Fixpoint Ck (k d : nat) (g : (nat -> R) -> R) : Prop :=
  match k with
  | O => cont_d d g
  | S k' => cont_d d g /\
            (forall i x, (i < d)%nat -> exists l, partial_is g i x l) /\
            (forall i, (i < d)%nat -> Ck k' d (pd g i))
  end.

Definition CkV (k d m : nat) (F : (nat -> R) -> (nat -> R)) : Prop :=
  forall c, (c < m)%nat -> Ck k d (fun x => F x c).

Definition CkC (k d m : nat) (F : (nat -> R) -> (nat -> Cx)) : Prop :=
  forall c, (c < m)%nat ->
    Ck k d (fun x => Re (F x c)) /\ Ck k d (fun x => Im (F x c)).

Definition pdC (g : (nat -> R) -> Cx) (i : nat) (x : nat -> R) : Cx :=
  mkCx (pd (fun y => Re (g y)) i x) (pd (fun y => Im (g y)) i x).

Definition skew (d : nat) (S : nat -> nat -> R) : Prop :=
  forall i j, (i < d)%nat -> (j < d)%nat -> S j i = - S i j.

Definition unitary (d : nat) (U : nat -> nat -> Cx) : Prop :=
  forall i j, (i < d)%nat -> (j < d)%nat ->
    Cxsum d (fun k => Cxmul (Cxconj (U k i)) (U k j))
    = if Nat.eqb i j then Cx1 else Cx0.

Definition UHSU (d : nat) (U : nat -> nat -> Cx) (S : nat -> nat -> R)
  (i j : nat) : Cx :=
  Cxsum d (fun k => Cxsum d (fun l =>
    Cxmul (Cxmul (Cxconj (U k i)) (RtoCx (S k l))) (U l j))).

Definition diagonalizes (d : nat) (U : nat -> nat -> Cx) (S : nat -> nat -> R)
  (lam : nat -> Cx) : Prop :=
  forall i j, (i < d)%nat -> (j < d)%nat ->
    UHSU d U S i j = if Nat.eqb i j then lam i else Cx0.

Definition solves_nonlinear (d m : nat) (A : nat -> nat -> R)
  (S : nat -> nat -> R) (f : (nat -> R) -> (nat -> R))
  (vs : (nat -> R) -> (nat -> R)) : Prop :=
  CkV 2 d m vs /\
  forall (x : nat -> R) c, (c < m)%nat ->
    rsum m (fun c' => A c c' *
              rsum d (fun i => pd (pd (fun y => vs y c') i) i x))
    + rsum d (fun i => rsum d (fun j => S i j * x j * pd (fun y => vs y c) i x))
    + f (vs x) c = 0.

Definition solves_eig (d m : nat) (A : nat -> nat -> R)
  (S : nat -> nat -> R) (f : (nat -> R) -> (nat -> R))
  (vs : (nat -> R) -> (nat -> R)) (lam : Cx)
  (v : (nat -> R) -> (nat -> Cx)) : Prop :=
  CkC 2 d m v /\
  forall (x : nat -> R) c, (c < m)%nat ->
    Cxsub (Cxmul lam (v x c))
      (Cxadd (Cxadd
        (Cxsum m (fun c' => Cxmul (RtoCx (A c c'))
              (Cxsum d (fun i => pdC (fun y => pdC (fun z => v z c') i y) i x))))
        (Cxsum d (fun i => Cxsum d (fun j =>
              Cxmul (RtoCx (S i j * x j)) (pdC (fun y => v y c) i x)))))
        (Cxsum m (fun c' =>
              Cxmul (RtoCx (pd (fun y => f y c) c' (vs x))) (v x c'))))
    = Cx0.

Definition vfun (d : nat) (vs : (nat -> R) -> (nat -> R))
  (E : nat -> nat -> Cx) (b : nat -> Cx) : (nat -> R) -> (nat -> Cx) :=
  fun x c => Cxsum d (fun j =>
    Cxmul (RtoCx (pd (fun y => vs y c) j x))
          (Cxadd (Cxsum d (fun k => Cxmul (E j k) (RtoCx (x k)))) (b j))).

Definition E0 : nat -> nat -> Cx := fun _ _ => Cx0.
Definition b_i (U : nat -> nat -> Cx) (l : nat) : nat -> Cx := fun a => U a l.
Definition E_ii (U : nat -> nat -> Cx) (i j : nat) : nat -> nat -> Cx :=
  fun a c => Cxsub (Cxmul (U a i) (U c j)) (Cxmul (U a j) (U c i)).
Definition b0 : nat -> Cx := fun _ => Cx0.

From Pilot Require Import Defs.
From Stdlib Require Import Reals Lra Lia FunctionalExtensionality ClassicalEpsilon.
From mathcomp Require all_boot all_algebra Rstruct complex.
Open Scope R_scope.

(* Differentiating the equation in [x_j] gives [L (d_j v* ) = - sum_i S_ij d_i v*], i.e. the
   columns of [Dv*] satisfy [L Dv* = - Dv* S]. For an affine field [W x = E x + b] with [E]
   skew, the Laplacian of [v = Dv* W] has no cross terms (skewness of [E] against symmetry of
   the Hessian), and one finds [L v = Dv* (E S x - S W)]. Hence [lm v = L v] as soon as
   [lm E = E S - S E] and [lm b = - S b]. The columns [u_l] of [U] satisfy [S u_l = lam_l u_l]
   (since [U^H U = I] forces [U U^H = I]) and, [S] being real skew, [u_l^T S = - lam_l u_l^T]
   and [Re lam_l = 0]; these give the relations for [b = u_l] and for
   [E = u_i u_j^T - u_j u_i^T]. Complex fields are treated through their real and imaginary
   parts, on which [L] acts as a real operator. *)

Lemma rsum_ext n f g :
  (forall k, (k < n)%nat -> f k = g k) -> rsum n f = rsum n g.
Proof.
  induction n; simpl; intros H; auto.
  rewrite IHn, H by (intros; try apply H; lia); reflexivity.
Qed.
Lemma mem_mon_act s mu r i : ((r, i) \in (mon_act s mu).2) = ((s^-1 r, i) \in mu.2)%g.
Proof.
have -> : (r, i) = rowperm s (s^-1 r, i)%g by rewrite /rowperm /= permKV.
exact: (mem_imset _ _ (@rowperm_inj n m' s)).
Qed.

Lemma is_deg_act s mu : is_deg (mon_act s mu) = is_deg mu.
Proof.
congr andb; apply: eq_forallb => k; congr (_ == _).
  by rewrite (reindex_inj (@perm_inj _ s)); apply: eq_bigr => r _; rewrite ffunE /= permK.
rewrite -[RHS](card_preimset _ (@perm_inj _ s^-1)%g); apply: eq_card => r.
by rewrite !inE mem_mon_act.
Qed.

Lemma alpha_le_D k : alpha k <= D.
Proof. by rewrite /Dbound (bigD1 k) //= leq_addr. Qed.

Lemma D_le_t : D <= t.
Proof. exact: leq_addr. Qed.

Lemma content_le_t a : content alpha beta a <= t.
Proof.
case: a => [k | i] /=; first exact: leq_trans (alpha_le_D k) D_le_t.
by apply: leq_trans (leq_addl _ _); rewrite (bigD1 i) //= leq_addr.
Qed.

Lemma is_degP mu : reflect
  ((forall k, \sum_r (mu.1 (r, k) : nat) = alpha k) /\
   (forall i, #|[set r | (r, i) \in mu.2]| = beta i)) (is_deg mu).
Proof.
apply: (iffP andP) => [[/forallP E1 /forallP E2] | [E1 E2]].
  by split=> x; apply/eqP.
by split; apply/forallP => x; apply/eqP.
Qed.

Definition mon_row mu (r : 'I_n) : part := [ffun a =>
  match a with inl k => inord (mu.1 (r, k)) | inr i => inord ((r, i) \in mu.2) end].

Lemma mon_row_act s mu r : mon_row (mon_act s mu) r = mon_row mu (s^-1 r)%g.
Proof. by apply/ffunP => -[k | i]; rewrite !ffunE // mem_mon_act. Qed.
◆ ◆ ◆ ◆ ◆ ◆ ◆
Work task. In the listing above, locate the line containing "(lam : nat ->" and the line containing "rsum d (fun i => pd". Transcribe those two lines and everything between them, exactly as written.

Exercise answer.
  (lam : nat -> Cx) : Prop :=
  forall i j, (i < d)%nat -> (j < d)%nat ->
    UHSU d U S i j = if Nat.eqb i j then lam i else Cx0.

Definition solves_nonlinear (d m : nat) (A : nat -> nat -> R)
  (S : nat -> nat -> R) (f : (nat -> R) -> (nat -> R))
  (vs : (nat -> R) -> (nat -> R)) : Prop :=
  CkV 2 d m vs /\
  forall (x : nat -> R) c, (c < m)%nat ->
    rsum m (fun c' => A c c' *
              rsum d (fun i => pd (pd (fun y => vs y c') i) i x))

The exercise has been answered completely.